## Activity:
Take each line of the material that includes "Icst" and copy it.

----------

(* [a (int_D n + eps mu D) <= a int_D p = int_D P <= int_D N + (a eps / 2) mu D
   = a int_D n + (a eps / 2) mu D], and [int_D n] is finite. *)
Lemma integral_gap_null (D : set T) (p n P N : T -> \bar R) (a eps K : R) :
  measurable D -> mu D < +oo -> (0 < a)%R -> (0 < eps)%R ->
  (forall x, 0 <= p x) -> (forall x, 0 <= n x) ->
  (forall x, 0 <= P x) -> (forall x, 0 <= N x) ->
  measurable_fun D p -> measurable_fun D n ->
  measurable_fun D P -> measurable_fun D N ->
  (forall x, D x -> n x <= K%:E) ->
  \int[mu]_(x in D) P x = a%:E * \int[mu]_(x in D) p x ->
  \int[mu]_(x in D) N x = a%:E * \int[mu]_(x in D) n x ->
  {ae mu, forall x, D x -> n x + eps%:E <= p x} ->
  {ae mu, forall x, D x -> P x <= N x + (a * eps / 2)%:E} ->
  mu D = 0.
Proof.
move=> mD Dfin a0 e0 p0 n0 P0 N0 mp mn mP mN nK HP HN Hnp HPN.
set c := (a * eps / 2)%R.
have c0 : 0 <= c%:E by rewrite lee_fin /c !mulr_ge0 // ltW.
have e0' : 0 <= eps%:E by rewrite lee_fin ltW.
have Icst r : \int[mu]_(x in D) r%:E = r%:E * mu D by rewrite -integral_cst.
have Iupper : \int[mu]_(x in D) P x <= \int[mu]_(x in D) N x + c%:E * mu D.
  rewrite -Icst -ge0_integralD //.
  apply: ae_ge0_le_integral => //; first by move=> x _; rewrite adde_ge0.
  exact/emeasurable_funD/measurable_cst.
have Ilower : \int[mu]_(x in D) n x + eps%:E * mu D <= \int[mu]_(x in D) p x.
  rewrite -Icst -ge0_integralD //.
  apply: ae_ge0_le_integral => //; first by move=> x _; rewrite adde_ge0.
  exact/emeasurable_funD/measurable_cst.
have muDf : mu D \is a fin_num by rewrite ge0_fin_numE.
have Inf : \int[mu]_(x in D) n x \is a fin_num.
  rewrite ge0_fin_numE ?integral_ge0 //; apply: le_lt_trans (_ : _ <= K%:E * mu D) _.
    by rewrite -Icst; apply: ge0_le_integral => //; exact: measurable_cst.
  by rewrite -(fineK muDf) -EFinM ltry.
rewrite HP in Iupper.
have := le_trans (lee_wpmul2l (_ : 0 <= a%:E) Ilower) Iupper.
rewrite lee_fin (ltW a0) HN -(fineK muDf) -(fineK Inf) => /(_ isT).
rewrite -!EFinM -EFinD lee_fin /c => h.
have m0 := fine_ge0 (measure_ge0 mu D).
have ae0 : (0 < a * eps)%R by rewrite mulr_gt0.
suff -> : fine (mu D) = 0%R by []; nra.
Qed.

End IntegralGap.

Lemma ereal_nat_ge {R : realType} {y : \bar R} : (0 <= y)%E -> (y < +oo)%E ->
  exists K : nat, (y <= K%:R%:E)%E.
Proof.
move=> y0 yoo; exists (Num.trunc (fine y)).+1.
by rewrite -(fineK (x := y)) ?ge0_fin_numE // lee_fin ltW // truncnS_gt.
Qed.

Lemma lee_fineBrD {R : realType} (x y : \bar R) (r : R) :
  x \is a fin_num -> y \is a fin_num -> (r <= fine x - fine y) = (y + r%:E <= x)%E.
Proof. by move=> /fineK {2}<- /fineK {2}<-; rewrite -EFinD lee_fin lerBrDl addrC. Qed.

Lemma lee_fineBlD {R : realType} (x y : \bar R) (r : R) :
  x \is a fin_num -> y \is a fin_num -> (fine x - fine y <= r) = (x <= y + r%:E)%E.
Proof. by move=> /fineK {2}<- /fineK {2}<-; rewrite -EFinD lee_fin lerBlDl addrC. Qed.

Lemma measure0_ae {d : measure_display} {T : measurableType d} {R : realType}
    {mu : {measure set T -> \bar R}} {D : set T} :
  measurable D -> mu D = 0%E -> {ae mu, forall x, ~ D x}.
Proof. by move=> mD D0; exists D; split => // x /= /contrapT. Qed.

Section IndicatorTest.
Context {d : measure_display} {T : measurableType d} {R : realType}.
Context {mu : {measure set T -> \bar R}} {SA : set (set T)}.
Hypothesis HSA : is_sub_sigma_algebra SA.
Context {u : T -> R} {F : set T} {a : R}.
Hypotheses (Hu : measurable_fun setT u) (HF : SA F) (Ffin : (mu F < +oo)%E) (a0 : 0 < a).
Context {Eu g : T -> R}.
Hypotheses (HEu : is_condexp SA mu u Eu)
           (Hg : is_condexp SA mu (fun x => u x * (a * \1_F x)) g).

----------

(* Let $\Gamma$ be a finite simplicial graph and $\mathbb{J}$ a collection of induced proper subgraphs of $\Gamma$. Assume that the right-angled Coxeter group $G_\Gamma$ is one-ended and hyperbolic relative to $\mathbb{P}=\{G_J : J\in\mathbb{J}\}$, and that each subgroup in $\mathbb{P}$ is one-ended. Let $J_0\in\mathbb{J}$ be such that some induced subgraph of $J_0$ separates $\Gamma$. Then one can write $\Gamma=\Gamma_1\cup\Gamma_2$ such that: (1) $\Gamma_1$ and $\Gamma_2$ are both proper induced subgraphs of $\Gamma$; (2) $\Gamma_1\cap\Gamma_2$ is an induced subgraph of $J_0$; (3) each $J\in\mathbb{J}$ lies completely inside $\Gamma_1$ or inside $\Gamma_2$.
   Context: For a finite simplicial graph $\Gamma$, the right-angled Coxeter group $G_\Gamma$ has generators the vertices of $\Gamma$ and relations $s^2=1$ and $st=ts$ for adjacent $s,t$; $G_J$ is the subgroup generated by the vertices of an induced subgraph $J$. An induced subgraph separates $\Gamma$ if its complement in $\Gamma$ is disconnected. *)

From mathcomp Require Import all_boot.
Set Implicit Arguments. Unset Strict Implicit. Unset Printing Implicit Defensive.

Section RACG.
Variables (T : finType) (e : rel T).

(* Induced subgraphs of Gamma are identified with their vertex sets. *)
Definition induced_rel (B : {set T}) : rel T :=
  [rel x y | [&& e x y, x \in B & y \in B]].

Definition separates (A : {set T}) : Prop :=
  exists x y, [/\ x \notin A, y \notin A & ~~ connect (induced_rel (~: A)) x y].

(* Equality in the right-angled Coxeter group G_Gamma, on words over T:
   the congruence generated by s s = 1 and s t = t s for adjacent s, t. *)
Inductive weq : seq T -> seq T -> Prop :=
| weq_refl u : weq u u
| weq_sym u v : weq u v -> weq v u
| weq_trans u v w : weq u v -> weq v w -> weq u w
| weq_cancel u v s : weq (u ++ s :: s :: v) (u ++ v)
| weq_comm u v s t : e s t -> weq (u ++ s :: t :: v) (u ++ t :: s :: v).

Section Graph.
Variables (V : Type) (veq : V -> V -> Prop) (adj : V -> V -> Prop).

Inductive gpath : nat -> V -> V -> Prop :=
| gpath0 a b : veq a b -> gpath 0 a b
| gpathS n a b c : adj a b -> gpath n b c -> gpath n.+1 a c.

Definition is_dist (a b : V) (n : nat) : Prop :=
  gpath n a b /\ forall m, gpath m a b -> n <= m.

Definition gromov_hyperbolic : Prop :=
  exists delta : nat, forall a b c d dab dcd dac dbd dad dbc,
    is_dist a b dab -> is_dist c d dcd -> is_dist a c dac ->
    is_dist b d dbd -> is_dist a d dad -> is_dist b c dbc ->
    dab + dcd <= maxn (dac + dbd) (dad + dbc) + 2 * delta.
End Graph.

----------

## Output:
have Icst r : \int[mu]_(x in D) r%:E = r%:E * mu D by rewrite -integral_cst.
  rewrite -Icst -ge0_integralD //.
  rewrite -Icst -ge0_integralD //.
    by rewrite -Icst; apply: ge0_le_integral => //; exact: measurable_cst.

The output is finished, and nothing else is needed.